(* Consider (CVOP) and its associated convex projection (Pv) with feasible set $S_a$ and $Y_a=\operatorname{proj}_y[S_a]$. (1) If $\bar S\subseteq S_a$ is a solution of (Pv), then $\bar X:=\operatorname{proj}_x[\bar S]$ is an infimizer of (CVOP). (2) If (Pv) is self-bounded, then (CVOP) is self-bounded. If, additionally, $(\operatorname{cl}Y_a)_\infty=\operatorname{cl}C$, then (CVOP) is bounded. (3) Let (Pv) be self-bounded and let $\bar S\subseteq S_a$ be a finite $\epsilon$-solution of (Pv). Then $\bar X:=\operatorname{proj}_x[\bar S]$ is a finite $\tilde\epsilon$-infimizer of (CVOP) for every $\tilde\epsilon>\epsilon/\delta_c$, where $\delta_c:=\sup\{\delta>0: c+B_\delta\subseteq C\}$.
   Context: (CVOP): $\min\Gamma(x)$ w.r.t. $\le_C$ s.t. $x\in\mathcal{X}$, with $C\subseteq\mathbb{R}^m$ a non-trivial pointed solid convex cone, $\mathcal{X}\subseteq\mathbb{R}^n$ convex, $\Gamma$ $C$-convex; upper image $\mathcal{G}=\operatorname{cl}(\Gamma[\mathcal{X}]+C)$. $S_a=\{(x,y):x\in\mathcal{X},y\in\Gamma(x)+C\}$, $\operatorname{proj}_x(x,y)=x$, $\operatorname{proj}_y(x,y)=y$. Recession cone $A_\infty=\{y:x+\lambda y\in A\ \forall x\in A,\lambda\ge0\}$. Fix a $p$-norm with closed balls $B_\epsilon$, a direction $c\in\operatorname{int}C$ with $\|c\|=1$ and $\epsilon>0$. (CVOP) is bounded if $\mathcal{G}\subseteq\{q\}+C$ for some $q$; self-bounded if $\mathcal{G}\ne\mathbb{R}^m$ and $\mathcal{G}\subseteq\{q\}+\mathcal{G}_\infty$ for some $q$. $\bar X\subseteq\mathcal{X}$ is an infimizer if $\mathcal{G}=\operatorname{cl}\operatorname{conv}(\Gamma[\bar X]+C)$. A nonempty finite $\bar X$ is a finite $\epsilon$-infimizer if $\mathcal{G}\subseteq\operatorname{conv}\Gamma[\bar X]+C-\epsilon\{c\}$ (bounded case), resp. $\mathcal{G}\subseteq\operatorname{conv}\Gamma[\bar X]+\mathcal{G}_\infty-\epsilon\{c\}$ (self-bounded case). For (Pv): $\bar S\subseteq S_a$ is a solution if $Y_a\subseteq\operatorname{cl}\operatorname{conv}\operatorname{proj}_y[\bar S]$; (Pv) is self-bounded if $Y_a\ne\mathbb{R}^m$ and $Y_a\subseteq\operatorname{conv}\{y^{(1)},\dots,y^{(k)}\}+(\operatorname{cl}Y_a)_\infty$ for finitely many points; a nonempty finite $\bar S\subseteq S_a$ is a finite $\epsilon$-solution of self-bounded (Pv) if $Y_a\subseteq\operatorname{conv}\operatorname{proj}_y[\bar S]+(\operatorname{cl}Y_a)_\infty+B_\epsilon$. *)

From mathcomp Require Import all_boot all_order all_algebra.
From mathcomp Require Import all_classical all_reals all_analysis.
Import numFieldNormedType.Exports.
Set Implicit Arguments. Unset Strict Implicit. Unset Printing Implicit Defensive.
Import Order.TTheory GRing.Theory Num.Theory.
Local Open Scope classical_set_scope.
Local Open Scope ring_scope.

++++++++

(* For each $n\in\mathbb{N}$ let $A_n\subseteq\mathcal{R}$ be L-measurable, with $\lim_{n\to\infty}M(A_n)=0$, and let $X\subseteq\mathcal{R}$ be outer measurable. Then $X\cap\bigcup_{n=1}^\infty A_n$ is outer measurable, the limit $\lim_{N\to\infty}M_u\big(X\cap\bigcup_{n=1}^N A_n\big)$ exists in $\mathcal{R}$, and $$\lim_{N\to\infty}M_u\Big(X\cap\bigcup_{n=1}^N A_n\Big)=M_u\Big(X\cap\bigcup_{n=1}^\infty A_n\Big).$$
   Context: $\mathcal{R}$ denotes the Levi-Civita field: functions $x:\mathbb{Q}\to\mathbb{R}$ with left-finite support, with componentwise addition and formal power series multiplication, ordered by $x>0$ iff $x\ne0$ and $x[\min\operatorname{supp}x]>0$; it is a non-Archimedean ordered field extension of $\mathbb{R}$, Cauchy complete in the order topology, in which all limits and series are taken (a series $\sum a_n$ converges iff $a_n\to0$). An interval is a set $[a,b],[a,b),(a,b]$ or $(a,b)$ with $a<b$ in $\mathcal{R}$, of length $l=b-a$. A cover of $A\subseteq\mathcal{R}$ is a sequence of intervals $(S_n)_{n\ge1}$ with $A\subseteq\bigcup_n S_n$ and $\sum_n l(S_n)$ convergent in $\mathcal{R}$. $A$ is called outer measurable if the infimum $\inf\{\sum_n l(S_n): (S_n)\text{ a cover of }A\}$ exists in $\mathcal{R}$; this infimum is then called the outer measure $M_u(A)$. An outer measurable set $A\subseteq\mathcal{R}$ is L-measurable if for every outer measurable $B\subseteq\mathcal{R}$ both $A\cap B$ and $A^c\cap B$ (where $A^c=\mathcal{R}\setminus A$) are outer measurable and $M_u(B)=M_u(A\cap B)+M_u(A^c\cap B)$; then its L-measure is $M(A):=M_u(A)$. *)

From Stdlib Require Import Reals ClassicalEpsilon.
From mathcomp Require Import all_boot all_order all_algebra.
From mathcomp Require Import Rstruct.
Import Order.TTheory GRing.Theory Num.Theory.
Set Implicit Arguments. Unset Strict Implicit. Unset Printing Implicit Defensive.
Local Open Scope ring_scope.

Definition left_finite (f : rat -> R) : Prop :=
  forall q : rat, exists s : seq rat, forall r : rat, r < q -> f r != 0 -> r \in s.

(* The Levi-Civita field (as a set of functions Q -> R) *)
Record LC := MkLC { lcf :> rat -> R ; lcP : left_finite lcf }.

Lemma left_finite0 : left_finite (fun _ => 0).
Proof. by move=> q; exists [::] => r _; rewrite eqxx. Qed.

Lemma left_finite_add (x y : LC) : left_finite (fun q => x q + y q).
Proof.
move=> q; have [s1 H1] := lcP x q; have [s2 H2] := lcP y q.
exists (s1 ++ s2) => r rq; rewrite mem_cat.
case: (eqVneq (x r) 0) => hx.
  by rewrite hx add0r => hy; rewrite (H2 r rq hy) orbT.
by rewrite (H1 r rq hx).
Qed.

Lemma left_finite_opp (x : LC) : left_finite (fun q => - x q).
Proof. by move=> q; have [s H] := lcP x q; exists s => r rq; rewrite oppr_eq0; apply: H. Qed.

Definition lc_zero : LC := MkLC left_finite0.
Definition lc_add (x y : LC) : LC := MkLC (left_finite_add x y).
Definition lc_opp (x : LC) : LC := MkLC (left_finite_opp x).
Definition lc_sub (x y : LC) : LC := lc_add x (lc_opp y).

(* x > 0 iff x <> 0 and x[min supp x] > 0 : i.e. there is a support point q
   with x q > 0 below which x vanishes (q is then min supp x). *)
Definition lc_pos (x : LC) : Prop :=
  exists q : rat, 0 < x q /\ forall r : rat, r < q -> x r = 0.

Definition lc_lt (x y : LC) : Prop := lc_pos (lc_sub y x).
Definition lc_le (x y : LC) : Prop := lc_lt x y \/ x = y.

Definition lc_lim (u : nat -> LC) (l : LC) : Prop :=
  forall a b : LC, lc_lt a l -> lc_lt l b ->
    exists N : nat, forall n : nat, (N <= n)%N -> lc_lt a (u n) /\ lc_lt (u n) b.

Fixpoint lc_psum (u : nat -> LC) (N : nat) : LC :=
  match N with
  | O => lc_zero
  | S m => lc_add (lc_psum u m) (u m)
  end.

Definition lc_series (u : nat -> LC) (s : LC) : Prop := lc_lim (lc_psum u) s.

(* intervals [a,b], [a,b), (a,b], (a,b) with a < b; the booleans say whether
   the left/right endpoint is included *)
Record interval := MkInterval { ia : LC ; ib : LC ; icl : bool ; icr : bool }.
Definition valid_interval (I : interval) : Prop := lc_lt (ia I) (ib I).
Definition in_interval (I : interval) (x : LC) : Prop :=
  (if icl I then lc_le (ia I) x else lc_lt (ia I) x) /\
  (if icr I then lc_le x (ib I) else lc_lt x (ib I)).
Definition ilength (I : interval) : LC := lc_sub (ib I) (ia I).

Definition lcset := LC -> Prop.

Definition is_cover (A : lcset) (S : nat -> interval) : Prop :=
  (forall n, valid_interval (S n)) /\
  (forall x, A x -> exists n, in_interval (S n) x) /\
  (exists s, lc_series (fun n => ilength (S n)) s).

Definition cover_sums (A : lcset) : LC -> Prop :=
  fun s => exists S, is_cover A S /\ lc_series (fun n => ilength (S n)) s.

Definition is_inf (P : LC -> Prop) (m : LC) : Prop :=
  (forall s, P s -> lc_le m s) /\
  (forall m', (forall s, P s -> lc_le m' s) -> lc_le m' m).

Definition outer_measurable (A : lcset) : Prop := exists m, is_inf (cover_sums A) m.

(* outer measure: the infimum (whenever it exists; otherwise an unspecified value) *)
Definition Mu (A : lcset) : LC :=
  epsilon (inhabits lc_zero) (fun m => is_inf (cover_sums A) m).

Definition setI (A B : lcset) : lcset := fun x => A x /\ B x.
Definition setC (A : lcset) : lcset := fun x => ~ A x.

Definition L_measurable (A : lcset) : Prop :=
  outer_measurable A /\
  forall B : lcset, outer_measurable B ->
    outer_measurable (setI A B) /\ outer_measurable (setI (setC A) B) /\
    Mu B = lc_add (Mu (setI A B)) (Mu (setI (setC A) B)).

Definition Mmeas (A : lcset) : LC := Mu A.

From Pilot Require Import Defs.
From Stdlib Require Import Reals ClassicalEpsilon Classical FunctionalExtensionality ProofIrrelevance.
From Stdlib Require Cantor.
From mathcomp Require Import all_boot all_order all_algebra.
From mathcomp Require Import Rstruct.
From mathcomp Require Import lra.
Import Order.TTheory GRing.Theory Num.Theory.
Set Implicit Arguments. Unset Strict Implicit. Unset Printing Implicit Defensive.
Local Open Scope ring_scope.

++++++++

Reply with one number, the count of lines in the records that include the word "rewrite".

5